RAW DATA:
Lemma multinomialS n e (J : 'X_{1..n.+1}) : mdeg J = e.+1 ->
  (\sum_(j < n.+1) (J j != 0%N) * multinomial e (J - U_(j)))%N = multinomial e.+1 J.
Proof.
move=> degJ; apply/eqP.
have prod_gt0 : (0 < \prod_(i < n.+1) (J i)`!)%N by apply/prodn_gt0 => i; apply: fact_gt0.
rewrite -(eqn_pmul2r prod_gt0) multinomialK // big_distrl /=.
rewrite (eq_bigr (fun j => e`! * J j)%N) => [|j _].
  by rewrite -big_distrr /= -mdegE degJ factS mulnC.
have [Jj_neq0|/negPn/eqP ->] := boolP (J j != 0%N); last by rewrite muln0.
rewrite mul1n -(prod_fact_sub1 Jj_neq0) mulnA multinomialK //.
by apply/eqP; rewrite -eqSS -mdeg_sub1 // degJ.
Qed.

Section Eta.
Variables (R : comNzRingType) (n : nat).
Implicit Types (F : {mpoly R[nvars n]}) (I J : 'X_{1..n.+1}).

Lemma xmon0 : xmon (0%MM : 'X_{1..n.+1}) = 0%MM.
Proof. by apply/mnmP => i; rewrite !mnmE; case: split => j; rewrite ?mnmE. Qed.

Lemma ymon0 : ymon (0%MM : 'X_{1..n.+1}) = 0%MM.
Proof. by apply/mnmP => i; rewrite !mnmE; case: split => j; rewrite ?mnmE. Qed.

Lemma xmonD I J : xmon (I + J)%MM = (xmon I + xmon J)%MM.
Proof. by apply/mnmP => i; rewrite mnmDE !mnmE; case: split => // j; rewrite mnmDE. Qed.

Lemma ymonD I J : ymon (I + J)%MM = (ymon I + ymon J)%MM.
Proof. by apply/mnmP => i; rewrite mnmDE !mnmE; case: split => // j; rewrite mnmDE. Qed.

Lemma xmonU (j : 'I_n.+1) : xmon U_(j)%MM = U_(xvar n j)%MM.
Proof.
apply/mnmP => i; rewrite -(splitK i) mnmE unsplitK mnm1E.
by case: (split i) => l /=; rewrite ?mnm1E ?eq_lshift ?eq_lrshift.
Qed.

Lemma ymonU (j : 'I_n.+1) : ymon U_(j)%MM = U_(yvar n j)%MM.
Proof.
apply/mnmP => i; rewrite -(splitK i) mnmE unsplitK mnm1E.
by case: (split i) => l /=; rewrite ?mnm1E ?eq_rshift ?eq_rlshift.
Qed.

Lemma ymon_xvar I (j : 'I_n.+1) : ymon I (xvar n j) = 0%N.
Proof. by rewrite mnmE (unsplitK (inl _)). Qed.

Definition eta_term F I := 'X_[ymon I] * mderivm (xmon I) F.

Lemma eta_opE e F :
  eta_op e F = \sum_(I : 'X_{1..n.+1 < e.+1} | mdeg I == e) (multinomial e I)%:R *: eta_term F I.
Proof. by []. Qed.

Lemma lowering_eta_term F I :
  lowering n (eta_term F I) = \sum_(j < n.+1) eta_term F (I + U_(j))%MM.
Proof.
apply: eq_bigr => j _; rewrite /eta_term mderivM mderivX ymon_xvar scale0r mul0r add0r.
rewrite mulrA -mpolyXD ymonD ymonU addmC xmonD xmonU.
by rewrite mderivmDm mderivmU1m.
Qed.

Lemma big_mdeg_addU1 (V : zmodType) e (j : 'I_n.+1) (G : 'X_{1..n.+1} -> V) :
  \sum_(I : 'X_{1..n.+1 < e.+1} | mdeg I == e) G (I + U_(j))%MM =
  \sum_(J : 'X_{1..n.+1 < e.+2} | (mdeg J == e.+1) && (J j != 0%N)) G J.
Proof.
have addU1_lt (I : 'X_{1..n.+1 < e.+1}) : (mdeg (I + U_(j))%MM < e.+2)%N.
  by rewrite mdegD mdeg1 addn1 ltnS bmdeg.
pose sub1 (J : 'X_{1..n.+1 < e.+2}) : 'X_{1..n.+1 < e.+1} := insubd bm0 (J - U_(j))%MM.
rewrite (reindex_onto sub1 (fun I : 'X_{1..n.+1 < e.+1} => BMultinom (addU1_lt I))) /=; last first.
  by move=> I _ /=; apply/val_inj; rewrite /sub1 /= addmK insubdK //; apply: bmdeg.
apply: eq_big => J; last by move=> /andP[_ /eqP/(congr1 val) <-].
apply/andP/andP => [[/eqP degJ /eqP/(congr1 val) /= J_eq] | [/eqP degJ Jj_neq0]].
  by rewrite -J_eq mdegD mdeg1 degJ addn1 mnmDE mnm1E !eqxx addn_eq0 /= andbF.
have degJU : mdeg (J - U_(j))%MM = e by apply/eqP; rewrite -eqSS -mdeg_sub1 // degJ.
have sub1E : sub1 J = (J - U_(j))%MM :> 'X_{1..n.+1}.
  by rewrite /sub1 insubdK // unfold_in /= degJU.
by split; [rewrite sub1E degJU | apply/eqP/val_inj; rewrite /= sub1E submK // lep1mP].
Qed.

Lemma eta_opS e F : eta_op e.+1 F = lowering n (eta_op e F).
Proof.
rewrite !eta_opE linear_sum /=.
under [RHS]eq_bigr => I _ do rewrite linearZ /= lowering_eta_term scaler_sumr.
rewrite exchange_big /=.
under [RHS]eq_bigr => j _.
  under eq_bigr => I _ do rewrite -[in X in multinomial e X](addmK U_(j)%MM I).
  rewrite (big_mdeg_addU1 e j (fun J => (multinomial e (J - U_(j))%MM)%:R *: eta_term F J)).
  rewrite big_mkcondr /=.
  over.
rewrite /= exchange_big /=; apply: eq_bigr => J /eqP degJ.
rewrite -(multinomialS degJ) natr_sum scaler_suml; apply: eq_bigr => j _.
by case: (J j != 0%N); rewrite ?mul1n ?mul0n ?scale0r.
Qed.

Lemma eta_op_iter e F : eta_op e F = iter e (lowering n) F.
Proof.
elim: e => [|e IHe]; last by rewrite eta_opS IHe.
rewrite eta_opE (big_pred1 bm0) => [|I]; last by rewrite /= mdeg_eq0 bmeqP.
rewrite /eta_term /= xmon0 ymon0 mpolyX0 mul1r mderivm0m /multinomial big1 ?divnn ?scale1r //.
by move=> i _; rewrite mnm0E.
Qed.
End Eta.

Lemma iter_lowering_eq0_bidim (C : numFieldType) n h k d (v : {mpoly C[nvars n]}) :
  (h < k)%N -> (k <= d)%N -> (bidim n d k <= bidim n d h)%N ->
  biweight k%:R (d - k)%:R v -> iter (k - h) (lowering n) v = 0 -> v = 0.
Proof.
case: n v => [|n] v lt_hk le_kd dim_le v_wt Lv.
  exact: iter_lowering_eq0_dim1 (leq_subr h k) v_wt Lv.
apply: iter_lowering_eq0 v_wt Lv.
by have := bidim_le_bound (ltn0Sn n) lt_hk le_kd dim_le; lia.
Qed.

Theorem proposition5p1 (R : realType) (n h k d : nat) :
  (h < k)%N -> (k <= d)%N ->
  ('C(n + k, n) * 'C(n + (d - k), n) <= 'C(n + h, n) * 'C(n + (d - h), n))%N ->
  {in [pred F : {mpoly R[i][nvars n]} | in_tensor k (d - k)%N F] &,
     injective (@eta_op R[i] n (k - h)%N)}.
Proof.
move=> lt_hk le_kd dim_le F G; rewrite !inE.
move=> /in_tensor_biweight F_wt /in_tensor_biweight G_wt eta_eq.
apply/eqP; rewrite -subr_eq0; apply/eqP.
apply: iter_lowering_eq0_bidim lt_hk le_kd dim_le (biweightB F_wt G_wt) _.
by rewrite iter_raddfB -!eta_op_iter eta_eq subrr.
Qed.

---

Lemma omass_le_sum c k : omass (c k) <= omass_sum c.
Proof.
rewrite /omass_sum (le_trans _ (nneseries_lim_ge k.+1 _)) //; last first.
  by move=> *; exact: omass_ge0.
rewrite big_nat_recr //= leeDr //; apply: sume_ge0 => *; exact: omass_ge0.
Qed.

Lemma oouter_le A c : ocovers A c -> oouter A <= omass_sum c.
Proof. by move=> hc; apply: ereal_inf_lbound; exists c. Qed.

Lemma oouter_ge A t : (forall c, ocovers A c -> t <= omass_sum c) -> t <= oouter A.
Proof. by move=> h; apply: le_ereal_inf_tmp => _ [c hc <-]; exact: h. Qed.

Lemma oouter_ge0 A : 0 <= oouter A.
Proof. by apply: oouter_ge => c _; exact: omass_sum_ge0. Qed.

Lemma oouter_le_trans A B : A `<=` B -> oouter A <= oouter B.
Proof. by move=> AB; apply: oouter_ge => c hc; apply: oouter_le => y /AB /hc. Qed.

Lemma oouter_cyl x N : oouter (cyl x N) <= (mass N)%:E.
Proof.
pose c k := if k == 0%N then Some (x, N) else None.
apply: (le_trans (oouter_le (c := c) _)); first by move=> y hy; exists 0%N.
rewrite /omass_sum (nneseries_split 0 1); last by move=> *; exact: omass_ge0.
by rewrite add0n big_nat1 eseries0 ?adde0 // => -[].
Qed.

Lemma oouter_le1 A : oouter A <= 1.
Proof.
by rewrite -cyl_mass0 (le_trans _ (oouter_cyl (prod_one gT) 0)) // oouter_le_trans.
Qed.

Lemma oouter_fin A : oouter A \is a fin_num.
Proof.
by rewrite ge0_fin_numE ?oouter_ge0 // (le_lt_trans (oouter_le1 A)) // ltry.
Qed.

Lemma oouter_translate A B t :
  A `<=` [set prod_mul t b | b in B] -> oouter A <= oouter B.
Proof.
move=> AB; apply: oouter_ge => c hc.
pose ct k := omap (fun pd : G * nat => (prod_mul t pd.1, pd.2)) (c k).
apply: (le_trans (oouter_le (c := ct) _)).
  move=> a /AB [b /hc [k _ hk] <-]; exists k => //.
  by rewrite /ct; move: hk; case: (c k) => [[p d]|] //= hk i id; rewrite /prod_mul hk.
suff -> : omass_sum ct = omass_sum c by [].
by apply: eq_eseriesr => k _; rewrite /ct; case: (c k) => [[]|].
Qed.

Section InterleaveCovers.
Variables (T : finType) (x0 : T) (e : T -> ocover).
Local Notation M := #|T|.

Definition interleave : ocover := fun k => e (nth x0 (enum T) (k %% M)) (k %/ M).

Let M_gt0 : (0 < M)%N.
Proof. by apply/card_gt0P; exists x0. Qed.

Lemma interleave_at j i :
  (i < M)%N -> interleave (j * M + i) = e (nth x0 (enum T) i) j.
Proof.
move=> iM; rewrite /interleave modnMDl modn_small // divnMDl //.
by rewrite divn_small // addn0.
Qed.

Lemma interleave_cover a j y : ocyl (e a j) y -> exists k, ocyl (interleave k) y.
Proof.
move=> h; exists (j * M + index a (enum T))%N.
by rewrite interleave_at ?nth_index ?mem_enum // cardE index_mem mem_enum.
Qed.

EXERCISE DESCRIPTION: For the material above, reproduce exactly the lines from the line with "Lemma lowering_eta_term F" to the line with "pose sub1 (J", inclusive, and exclude all others.

ANSWER FOR THE TASK:
Lemma lowering_eta_term F I :
  lowering n (eta_term F I) = \sum_(j < n.+1) eta_term F (I + U_(j))%MM.
Proof.
apply: eq_bigr => j _; rewrite /eta_term mderivM mderivX ymon_xvar scale0r mul0r add0r.
rewrite mulrA -mpolyXD ymonD ymonU addmC xmonD xmonU.
by rewrite mderivmDm mderivmU1m.
Qed.

Lemma big_mdeg_addU1 (V : zmodType) e (j : 'I_n.+1) (G : 'X_{1..n.+1} -> V) :
  \sum_(I : 'X_{1..n.+1 < e.+1} | mdeg I == e) G (I + U_(j))%MM =
  \sum_(J : 'X_{1..n.+1 < e.+2} | (mdeg J == e.+1) && (J j != 0%N)) G J.
Proof.
have addU1_lt (I : 'X_{1..n.+1 < e.+1}) : (mdeg (I + U_(j))%MM < e.+2)%N.
  by rewrite mdegD mdeg1 addn1 ltnS bmdeg.
pose sub1 (J : 'X_{1..n.+1 < e.+2}) : 'X_{1..n.+1 < e.+1} := insubd bm0 (J - U_(j))%MM.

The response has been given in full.